___ Data provided

Lemma convex_nonincreasing_dist_le z t : `|t - z| <= 1 ->
  `|ell t - ell z| <= `|t - z| * (ell (z - 1) - ell z).
Proof.
have [zt|tz] := leP z t => tz1.
- have tz0 : 0 <= t - z by rewrite subr_ge0.
  have h01 : 0 <= t - z <= 1 by rewrite tz0 -(ger0_norm tz0).
  have h1 : 0 < 1 + (t - z) by lra.
  have := ell_convex (z - 1) t ((t - z) / (1 + (t - z))).
  have -> : (t - z) / (1 + (t - z)) * (z - 1) + (1 - (t - z) / (1 + (t - z))) * t = z.
    by field; rewrite gt_eqF.
  have c01 : 0 <= (t - z) / (1 + (t - z)) <= 1.
    by rewrite divr_ge0 ?ler_pdivrMr ?mul1r; lra.
  move=> /(_ c01) /(ler_wpM2l (ltW h1)).
  have -> : (1 + (t - z)) * ((t - z) / (1 + (t - z)) * ell (z - 1) +
      (1 - (t - z) / (1 + (t - z))) * ell t) = (t - z) * ell (z - 1) + ell t.
    by field; rewrite gt_eqF.
  move=> conv.
  rewrite distrC !ger0_norm ?subr_ge0 ?ell_nonincr //; nra.
- have h01 : 0 <= z - t <= 1.
    by move: tz1; rewrite distrC ger0_norm ?subr_ge0 ?(ltW tz) // => ->; rewrite andbT.
  have := @ell_convex (z - 1) z (z - t) h01.
  have -> : (z - t) * (z - 1) + (1 - (z - t)) * z = t by ring.
  move=> conv.
  rewrite (distrC t z) !ger0_norm ?subr_ge0 ?ell_nonincr ?(ltW tz) //; nra.
Qed.

Lemma continuous_convex_nonincreasing : continuous ell.
Proof.
move=> z; apply/cvgrPdist_le => e e0.
have lip0 : 0 <= ell (z - 1) - ell z by rewrite subr_ge0 ell_nonincr // gerBl.
have K0 : 0 < ell (z - 1) - ell z + 1 by lra.
apply/nbhs_normP; exists (Num.min 1 (e / (ell (z - 1) - ell z + 1))).
  by rewrite /= lt_min ltr01 divr_gt0.
move=> t /=; rewrite lt_min -normrN opprB => /andP[/ltW t1].
rewrite ltr_pdivlMr // => te.
rewrite -normrN opprB.
have := convex_nonincreasing_dist_le z t t1; have := normr_ge0 (t - z); nra.
Qed.
End convex_nonincreasing.

Section exponential_tail.
Context {R : realType} {ell : R -> R} {a b : R}.
Hypotheses (a_gt0 : 0 < a) (b_gt0 : 0 < b).
Hypothesis ell_tail : (fun z => ell z * expR (a * z)) @ +oo --> b.

Lemma exp_tail_ratio_gt N g1 g2 : 0 < N -> 0 < g1 < g2 ->
  \forall B \near +oo, N * ell (B * g2) < ell (B * g1).
Proof.
move=> N0 /andP[g10 g12]; have g2g1 : 0 < g2 - g1 by rewrite subr_gt0.
have b2_gt0 : 0 < b / 2 by rewrite divr_gt0.
have [M [_ tailM]] := proj1 (cvgrPdist_lt _ _) ell_tail _ b2_gt0.
near=> B.
have B0 : 0 < B by near: B; exact: nbhs_pinfty_gt.
have MB1 : M < B * g1.
  by rewrite -ltr_pdivrMr //; near: B; exact: nbhs_pinfty_gt (num_real _).
have MB2 : M < B * g2 by apply: lt_le_trans MB1 _; rewrite ler_pM2l // ltW.
have lo : b / 2 < ell (B * g1) * expR (a * (B * g1)).
  by have := tailM _ MB1; have := ler_norm (b - ell (B * g1) * expR (a * (B * g1))); lra.
have hi : ell (B * g2) * expR (a * (B * g2)) < 3 * b / 2.
  have := tailM _ MB2; rewrite distrC.
  by have := ler_norm (ell (B * g2) * expR (a * (B * g2)) - b); lra.
have gap : 3 * N <= expR (a * B * (g2 - g1)).
  apply: le_trans (expR_ge1Dx _).
  have : 3 * N / (a * (g2 - g1)) < B by near: B; exact: nbhs_pinfty_gt (num_real _).
  by rewrite ltr_pdivrMr ?mulr_gt0 // (mulrC B) mulrAC; lra.
have E12 : expR (a * (B * g2)) = expR (a * (B * g1)) * expR (a * B * (g2 - g1)).
  by rewrite -expRD; congr expR; ring.
rewrite E12 in hi.
move: lo hi gap; set L1 := ell _; set L2 := ell _; set E := expR _; set D := expR _.
move=> lo hi gap; have E0 : 0 < E := expR_gt0 _; have D0 : 0 < D := expR_gt0 _.
clearbody L1 L2 E D.
rewrite -(ltr_pM2r (mulr_gt0 E0 D0)).
have s1 : N * L2 * (E * D) < N * (3 * b / 2) by rewrite -mulrA ltr_pM2l.
have s2 : N * (3 * b / 2) <= b / 2 * D.
  rewrite -subr_ge0 (_ : _ - _ = b / 2 * (D - 3 * N)); last ring.
  by apply: mulr_ge0; [exact: ltW | rewrite subr_ge0].
have s3 : b / 2 * D < L1 * E * D by rewrite ltr_pM2r.
by rewrite mulrA; lra.
Unshelve. all: by end_near.
Qed.
End exponential_tail.

Section strictly_convex_powR.
Context {R : realType} (p : R).
Hypothesis p_gt1 : 1 < p.

Let p_gt0 : 0 < p. Proof. exact: lt_trans p_gt1. Qed.

(* Young's inequality for the pair t, m ^ (p - 1) with the conjugate exponent p / (p - 1) *)
Lemma powR_tangent_le m t : 0 < m -> 0 <= t ->
  m `^ p + p * m `^ (p - 1) * (t - m) <= t `^ p.
Proof.
move=> m0 t0; have p1 : 0 < p - 1 by rewrite subr_gt0.
have q0 : 0 < p / (p - 1) by rewrite divr_gt0.
have pq : p^-1 + (p / (p - 1))^-1 = 1 by rewrite invf_div; field; rewrite gt_eqF.
have := conjugate_powR t0 (powR_ge0 m (p - 1)) p_gt0 q0 pq.
rewrite -powRrM (_ : (p - 1) * _ = p); last by field; rewrite gt_eqF.
rewrite invf_div -(mulr_powRB1 (ltW m0) p_gt0) => /(ler_wpM2l (ltW p_gt0)).
rewrite (_ : p * (_ + _) = t `^ p + (p - 1) * (m * m `^ (p - 1))); last first.
  by field; rewrite gt_eqF.
lra.
Qed.

Lemma powR_tangent_lt m t : 0 < m -> 0 <= t -> t != m ->
  m `^ p + p * m `^ (p - 1) * (t - m) < t `^ p.
Proof.
move=> m0 t0 tm; pose c := (t + m) / 2.
have c0 : 0 < c by rewrite /c; lra.
(* chain the tangents at m and at the midpoint c: the slope gains p * (c^(p-1) - m^(p-1)) *)
have Tc := powR_tangent_le _ _ c0 t0; have Tm := powR_tangent_le _ _ m0 (ltW c0).
have gain : 0 < (c `^ (p - 1) - m `^ (p - 1)) * (c - m).
  have p1 : 0 < p - 1 by rewrite subr_gt0.
  have [cm|mc|/eqP] := ltgtP c m.
  - by rewrite nmulr_rgt0 ?subr_lt0 // gt0_ltr_powR ?nnegrE ?ltW.
  - by rewrite pmulr_rgt0 ?subr_gt0 // gt0_ltr_powR ?nnegrE ?ltW.
  - by move=> cm; move/eqP: tm; rewrite /c in cm; lra.
have : 0 < p * ((c `^ (p - 1) - m `^ (p - 1)) * (c - m)) by rewrite mulr_gt0.
rewrite /c in Tc Tm *; nra.
Qed.

Lemma powR_midpoint_lt a b : 0 <= a -> 0 <= b -> a != b ->
  ((a + b) / 2) `^ p < (a `^ p + b `^ p) / 2.
Proof.
move=> a0 b0 /eqP ab.
have m0 : 0 < (a + b) / 2.
  by rewrite divr_gt0 // lt_neqAle addr_ge0 // andbT; apply/eqP => E; apply: ab; lra.
have am : a != (a + b) / 2 by apply/eqP => E; apply: ab; lra.
have bm : b != (a + b) / 2 by apply/eqP => E; apply: ab; lra.
have := powR_tangent_lt _ _ m0 a0 am; have := powR_tangent_lt _ _ m0 b0 bm; lra.
Qed.

Lemma powR_norm_midpoint_lt s t : s != t ->
  `|(s + t) / 2| `^ p < (`|s| `^ p + `|t| `^ p) / 2.
Proof.
move=> st; have [/eqP|nst] := eqVneq `|s| `|t|.
  rewrite eqr_norm2 (negbTE st) /= => /eqP s_opp; rewrite s_opp in st *.
  have t0 : t != 0 by apply: contraNneq st => ->; rewrite oppr0.
  rewrite addNr mul0r normr0 powR0 ?gt_eqF // normrN.
  have : 0 < `|t| `^ p by rewrite powR_gt0 // normr_gt0.
  lra.
apply: le_lt_trans (powR_midpoint_lt _ _ (normr_ge0 s) (normr_ge0 t) nst).
apply: ge0_ler_powR; rewrite ?nnegrE ?divr_ge0 ?addr_ge0 //; first exact: ltW.
by rewrite normrM normfV (ger0_norm (_ : 0 <= 2)) // ler_pM2r ?ler_normD.
Qed.

Lemma powR_norm_midpoint_le s t :
  `|(s + t) / 2| `^ p <= (`|s| `^ p + `|t| `^ p) / 2.
Proof.
have [->|st] := eqVneq s t; last exact/ltW/powR_norm_midpoint_lt.
by rewrite (_ : (t + t) / 2 = t); [lra | field].
Qed.
End strictly_convex_powR.

Lemma continuous_powR_norm {R : realType} (r : R) : 0 < r ->
  continuous (fun t : R => `|t| `^ r).
Proof.
move=> r0 t; have [->|t0] := eqVneq t 0.
  apply/cvgrPdist_lt => e e0; rewrite normr0 powR0 ?gt_eqF //.
  near=> s; rewrite sub0r normrN ger0_norm ?powR_ge0 //.
  rewrite -[ltRHS](powRr1 (ltW e0)) -(@mulVf _ r) ?gt_eqF // powRrM.
  apply: gt0_ltr_powR; rewrite ?nnegrE ?powR_ge0 //.
  near: s; apply/nbhs_normP; exists (e `^ r^-1); first by rewrite /= powR_gt0.
  by move=> s /=; rewrite sub0r normrN.
have nt : 0 < `|t| by rewrite normr_gt0.
have E : {near t, (fun s : R => expR (r * ln `|s|)) =1 (fun s => `|s| `^ r)}.
  near=> s; rewrite /powR gt_eqF ?(mulrC r) //.
  near: s; apply/nbhs_normP; exists `|t| => // s /= ts.
  by rewrite normr_gt0; apply: contraTneq ts => ->; rewrite subr0 ltxx.
apply: cvg_trans (near_eq_cvg E) _.
have -> : `|t| `^ r = expR (r * ln `|t|) by rewrite /powR gt_eqF ?(mulrC r).
apply: (continuous_comp (f := fun s : R => r * ln `|s|)); last exact: continuous_expR.
apply: continuousM; first exact: cvg_cst.
apply: (continuous_comp (f := fun s : R => `|s|)); first exact: norm_continuous.
exact: continuous_ln.
Unshelve. all: by end_near.
Qed.

Lemma ler_powR2 {R : realType} (r : R) : 0 < r ->
  {in Num.nneg &, {mono @powR R ^~ r : s t / s <= t}}.
Proof. by move=> r0; apply: le_mono_in; exact: (@gt0_ltr_powR R r r0). Qed.

Section lp_norm.
Context {R : realType} {d : nat} (p : R).
Hypothesis p_gt1 : 1 < p.
Implicit Types u v w : 'rV[R]_d.

Let p_gt0 : 0 < p. Proof. exact: lt_trans p_gt1. Qed.

Definition lpsum (w : 'rV[R]_d) := \sum_(j < d) `|w ord0 j| `^ p.

Lemma lpsum_ge0 w : 0 <= lpsum w.
Proof. by apply: sumr_ge0 => j _; exact: powR_ge0. Qed.

Lemma lpnorm_ge0 w : 0 <= lpnorm p w.
Proof. exact: powR_ge0. Qed.

Lemma lpnorm_powR w : lpnorm p w `^ p = lpsum w.
Proof. by rewrite -powRrM mulVf ?gt_eqF // powRr1 // lpsum_ge0. Qed.

Lemma lpnorm_le w B : 0 <= B -> (lpnorm p w <= B) = (lpsum w <= B `^ p).
Proof. by move=> B0; rewrite -lpnorm_powR ler_powR2 // nnegrE lpnorm_ge0. Qed.

Lemma lpnorm_lt1 w : lpsum w < 1 -> lpnorm p w < 1.
Proof.
move=> lt1; rewrite ltNge -(ler_powR2 _ p_gt0) ?nnegrE ?lpnorm_ge0 //=.
by rewrite lpnorm_powR powR1 -ltNge.
Qed.

Lemma lpnorm_coord_le w j : `|w ord0 j| <= lpnorm p w.
Proof.
rewrite -(ler_powR2 _ p_gt0) ?nnegrE ?lpnorm_ge0 //= lpnorm_powR.
by rewrite /lpsum (bigD1 j) //= lerDl sumr_ge0 // => i _; exact: powR_ge0.
Qed.

Lemma lpnormZ c w : lpnorm p (c *: w) = `|c| * lpnorm p w.
Proof.
rewrite /lpnorm (_ : \sum_j _ = `|c| `^ p * lpsum w); last first.
  by rewrite mulr_sumr; apply: eq_bigr => j _; rewrite mxE normrM powRM.
by rewrite powRM ?powR_ge0 ?lpsum_ge0 // -powRrM mulfV ?gt_eqF // powRr1.
Qed.

Lemma lpnorm0 : lpnorm p (0 : 'rV[R]_d) = 0.
Proof. by rewrite -(scale0r 0) lpnormZ normr0 mul0r. Qed.

Lemma lpnorm_gt0 w : w != 0 -> 0 < lpnorm p w.
Proof.
apply: contraNT; rewrite -leNgt => w0; apply/eqP/rowP => j; rewrite mxE.
by apply/eqP; rewrite -normr_le0 (le_trans (lpnorm_coord_le w j)).
Qed.

Lemma lpnorm_normalize w : w != 0 -> lpnorm p ((lpnorm p w)^-1 *: w) = 1.
Proof.
move=> w0; have w_gt0 := lpnorm_gt0 _ w0.
by rewrite lpnormZ ger0_norm ?invr_ge0 ?ltW // mulVf ?gt_eqF.
Qed.

Lemma lpnorm_midpoint_lt1 u v : lpnorm p u <= 1 -> lpnorm p v <= 1 -> u != v ->
  lpnorm p (2^-1 *: (u + v)) < 1.
Proof.
rewrite !lpnorm_le // powR1 => u1 v1 uv; apply: lpnorm_lt1.
have [j uvj] : exists j, u ord0 j != v ord0 j.
  apply/existsP; apply: contraNT uv => /existsPn same.
  by apply/eqP/rowP => j; apply/eqP/negbNE/same.
have mid i : (2^-1 *: (u + v)) ord0 i = (u ord0 i + v ord0 i) / 2 by rewrite !mxE mulrC.
suff : lpsum (2^-1 *: (u + v)) < (lpsum u + lpsum v) / 2 by lra.
rewrite /lpsum -big_split /= mulr_suml (bigD1 j) //= [ltRHS](bigD1 j) //=.
apply: ltr_leD; first by rewrite mid; exact: powR_norm_midpoint_lt.
by apply: ler_sum => i _; rewrite mid; exact: powR_norm_midpoint_le.
Qed.

Lemma continuous_lpsum : continuous lpsum.
Proof.
apply: continuous_big => [|j _]; first exact: add_continuous.
move=> w; apply: (continuous_comp (f := fun w : 'rV[R]_d => w ord0 j)
  (g := fun t : R => `|t| `^ p)); first exact: coord_continuous.
exact: continuous_powR_norm.
Qed.

Lemma compact_lpball B : 0 <= B -> compact [set w : 'rV[R]_d | lpnorm p w <= B].
Proof.
move=> B0; apply: bounded_closed_compact.
  exists B; split; first exact: num_real.
  move=> M BM w /= wB; rewrite [X in X <= _]/Num.norm /= mx_normrE.
  apply: bigmax_le => [|[i j] _ /=]; first exact: ltW (le_lt_trans B0 BM).
  by rewrite (ord1 i); apply: le_trans (lpnorm_coord_le w j) (le_trans wB (ltW BM)).
rewrite (_ : [set w | _] = lpsum @^-1` [set s | s <= B `^ p]).
  by apply: preimage_closed => [w _|]; [exact: continuous_lpsum | exact: closed_le].
by apply/seteqP; split => w /=; rewrite lpnorm_le.
Qed.
End lp_norm.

______

• **Task brief**
Transcribe, exactly as written, all lines of the entries above from the first to the one containing "Lemma continuous_convex_nonincreasing : continuous", and no more.

• **Response box**
Lemma convex_nonincreasing_dist_le z t : `|t - z| <= 1 ->
  `|ell t - ell z| <= `|t - z| * (ell (z - 1) - ell z).
Proof.
have [zt|tz] := leP z t => tz1.
- have tz0 : 0 <= t - z by rewrite subr_ge0.
  have h01 : 0 <= t - z <= 1 by rewrite tz0 -(ger0_norm tz0).
  have h1 : 0 < 1 + (t - z) by lra.
  have := ell_convex (z - 1) t ((t - z) / (1 + (t - z))).
  have -> : (t - z) / (1 + (t - z)) * (z - 1) + (1 - (t - z) / (1 + (t - z))) * t = z.
    by field; rewrite gt_eqF.
  have c01 : 0 <= (t - z) / (1 + (t - z)) <= 1.
    by rewrite divr_ge0 ?ler_pdivrMr ?mul1r; lra.
  move=> /(_ c01) /(ler_wpM2l (ltW h1)).
  have -> : (1 + (t - z)) * ((t - z) / (1 + (t - z)) * ell (z - 1) +
      (1 - (t - z) / (1 + (t - z))) * ell t) = (t - z) * ell (z - 1) + ell t.
    by field; rewrite gt_eqF.
  move=> conv.
  rewrite distrC !ger0_norm ?subr_ge0 ?ell_nonincr //; nra.
- have h01 : 0 <= z - t <= 1.
    by move: tz1; rewrite distrC ger0_norm ?subr_ge0 ?(ltW tz) // => ->; rewrite andbT.
  have := @ell_convex (z - 1) z (z - t) h01.
  have -> : (z - t) * (z - 1) + (1 - (z - t)) * z = t by ring.
  move=> conv.
  rewrite (distrC t z) !ger0_norm ?subr_ge0 ?ell_nonincr ?(ltW tz) //; nra.
Qed.

Lemma continuous_convex_nonincreasing : continuous ell.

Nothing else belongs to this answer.